Problem details:
Your answer is a copy of every line in the records where "tauto" appears.

(Source data)
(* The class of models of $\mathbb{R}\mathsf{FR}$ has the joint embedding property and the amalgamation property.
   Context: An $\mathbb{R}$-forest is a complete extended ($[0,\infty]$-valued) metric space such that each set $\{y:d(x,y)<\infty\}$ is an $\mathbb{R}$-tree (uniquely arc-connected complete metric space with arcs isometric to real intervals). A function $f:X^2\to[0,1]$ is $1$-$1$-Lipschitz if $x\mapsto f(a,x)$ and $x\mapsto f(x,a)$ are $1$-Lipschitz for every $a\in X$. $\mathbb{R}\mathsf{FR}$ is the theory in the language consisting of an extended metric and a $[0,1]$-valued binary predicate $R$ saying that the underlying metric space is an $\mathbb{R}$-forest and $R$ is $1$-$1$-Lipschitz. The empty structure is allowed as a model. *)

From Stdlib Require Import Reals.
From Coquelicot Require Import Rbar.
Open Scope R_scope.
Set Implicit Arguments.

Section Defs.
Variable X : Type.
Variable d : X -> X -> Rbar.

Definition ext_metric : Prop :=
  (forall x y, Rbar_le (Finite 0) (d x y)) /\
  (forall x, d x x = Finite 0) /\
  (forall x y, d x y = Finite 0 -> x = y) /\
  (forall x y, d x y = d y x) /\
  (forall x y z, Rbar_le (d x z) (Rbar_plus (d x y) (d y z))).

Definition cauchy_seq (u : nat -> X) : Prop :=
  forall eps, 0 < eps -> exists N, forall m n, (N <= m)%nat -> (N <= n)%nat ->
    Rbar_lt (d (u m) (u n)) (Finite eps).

...

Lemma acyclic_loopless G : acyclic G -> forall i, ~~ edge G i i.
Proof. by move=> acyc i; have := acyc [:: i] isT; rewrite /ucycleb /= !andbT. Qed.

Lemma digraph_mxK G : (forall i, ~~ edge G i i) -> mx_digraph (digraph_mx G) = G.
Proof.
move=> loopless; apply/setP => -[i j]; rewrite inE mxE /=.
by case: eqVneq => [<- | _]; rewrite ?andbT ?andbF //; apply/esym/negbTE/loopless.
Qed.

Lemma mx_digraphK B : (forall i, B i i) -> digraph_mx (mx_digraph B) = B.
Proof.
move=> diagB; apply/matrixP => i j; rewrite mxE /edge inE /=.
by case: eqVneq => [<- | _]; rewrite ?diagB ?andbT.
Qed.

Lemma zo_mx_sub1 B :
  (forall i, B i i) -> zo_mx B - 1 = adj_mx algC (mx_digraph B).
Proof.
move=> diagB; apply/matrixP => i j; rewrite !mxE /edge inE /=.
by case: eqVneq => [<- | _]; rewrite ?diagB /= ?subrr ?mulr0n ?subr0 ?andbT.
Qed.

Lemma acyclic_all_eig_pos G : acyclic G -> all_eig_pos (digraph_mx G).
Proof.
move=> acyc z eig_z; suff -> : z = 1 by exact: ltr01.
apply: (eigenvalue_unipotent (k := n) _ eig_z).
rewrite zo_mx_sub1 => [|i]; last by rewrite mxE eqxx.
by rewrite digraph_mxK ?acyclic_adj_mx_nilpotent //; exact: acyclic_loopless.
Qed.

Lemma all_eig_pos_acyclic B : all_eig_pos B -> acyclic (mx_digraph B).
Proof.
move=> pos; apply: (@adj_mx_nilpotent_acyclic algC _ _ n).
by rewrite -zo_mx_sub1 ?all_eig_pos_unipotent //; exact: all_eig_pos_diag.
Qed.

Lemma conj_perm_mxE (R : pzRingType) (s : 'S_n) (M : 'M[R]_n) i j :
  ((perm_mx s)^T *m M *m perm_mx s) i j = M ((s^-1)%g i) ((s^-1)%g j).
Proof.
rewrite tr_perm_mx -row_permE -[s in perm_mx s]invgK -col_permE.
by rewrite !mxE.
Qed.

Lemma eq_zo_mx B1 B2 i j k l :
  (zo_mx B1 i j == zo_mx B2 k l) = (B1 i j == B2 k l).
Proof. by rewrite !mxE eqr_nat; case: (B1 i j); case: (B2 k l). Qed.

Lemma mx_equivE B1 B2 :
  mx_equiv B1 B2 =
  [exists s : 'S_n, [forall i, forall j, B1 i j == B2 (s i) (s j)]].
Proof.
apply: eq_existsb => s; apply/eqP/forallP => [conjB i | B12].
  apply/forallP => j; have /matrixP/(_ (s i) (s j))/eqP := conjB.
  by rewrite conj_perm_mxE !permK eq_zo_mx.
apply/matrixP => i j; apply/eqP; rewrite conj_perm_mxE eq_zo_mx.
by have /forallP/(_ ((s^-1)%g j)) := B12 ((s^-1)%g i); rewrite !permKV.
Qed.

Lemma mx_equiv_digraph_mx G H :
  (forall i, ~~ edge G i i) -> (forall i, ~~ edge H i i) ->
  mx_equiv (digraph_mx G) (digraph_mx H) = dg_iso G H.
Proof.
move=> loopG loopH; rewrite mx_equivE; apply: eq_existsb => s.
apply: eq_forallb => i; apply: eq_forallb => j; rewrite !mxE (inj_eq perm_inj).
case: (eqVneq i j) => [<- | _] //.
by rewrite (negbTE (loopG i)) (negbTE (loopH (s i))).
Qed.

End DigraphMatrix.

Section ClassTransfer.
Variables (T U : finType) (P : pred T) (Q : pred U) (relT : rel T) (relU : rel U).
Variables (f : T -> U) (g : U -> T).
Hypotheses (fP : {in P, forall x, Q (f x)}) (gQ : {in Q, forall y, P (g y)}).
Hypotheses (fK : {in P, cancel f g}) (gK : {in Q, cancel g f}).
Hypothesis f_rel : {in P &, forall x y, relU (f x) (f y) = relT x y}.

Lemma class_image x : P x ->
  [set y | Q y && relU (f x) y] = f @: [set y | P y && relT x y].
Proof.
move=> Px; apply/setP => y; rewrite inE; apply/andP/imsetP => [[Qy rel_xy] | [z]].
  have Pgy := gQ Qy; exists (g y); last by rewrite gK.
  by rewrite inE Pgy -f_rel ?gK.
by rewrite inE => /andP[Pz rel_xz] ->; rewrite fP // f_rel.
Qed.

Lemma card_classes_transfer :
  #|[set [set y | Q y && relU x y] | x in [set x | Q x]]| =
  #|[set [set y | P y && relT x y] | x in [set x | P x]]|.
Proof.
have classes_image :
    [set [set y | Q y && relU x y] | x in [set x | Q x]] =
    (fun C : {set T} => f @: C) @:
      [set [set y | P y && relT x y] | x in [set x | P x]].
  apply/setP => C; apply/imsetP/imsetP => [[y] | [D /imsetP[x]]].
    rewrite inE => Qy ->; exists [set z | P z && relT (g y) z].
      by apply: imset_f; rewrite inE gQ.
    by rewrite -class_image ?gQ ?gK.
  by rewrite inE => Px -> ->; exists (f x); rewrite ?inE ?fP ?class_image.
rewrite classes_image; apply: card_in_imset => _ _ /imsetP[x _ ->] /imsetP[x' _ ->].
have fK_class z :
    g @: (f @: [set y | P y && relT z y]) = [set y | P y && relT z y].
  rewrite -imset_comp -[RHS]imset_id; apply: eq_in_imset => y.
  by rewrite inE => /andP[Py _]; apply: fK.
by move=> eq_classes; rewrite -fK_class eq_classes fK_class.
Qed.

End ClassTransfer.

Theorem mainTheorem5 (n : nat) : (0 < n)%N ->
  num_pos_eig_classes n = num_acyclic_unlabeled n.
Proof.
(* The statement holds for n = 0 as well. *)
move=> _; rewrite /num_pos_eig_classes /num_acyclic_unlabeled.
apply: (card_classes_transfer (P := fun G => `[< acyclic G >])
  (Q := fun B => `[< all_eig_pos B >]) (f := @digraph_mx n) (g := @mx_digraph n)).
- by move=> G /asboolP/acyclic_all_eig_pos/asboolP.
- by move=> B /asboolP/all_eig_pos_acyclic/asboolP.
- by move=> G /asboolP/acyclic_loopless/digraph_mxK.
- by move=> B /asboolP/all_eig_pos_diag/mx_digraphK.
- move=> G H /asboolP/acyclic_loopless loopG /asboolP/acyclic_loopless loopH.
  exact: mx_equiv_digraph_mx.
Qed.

---

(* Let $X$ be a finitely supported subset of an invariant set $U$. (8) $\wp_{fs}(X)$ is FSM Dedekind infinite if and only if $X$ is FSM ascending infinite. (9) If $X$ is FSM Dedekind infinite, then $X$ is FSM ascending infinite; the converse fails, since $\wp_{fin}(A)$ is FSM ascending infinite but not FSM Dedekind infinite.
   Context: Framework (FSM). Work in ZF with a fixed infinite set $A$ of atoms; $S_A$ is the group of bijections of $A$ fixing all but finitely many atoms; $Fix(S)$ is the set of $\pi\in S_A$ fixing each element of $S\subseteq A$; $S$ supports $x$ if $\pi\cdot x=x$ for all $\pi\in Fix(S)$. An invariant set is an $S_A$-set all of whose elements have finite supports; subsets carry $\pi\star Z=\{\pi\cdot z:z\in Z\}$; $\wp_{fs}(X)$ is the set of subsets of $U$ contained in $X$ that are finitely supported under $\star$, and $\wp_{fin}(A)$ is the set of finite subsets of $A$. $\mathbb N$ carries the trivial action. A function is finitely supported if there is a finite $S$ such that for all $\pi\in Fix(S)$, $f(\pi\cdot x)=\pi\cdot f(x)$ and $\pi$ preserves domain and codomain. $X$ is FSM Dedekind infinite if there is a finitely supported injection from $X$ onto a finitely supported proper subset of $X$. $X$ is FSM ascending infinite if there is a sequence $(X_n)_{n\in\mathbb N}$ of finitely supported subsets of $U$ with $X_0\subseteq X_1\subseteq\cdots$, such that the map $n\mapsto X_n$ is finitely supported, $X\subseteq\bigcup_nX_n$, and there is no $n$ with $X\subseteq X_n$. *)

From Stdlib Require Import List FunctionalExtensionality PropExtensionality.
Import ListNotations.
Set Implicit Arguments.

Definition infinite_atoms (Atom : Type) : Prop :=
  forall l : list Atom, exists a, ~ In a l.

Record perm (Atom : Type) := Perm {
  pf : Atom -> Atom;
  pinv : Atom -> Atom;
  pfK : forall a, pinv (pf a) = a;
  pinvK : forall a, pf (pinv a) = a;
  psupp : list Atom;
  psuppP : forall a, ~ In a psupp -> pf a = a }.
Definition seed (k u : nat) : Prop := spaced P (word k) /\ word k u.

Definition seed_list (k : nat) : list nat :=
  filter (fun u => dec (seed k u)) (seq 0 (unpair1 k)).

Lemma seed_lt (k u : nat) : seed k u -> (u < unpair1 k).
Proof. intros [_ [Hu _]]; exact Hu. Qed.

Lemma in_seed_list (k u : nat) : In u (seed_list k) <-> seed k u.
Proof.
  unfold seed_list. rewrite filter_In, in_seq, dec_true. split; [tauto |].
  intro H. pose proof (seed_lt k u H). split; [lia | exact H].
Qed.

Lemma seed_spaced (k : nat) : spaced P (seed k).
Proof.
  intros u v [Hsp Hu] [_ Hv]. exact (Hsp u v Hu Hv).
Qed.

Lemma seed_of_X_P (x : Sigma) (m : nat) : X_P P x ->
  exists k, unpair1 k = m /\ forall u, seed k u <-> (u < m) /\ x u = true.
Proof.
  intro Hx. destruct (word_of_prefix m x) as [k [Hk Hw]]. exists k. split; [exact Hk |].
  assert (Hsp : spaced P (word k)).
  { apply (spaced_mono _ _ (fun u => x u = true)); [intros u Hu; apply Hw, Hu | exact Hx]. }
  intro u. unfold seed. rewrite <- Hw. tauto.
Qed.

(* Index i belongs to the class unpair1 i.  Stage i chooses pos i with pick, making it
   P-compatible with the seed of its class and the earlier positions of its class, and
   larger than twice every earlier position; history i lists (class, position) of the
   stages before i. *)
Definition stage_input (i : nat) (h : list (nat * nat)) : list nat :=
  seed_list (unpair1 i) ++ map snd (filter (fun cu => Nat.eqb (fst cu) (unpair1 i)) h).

Your solution:
  unfold seed_list. rewrite filter_In, in_seq, dec_true. split; [tauto |].
  intro u. unfold seed. rewrite <- Hw. tauto.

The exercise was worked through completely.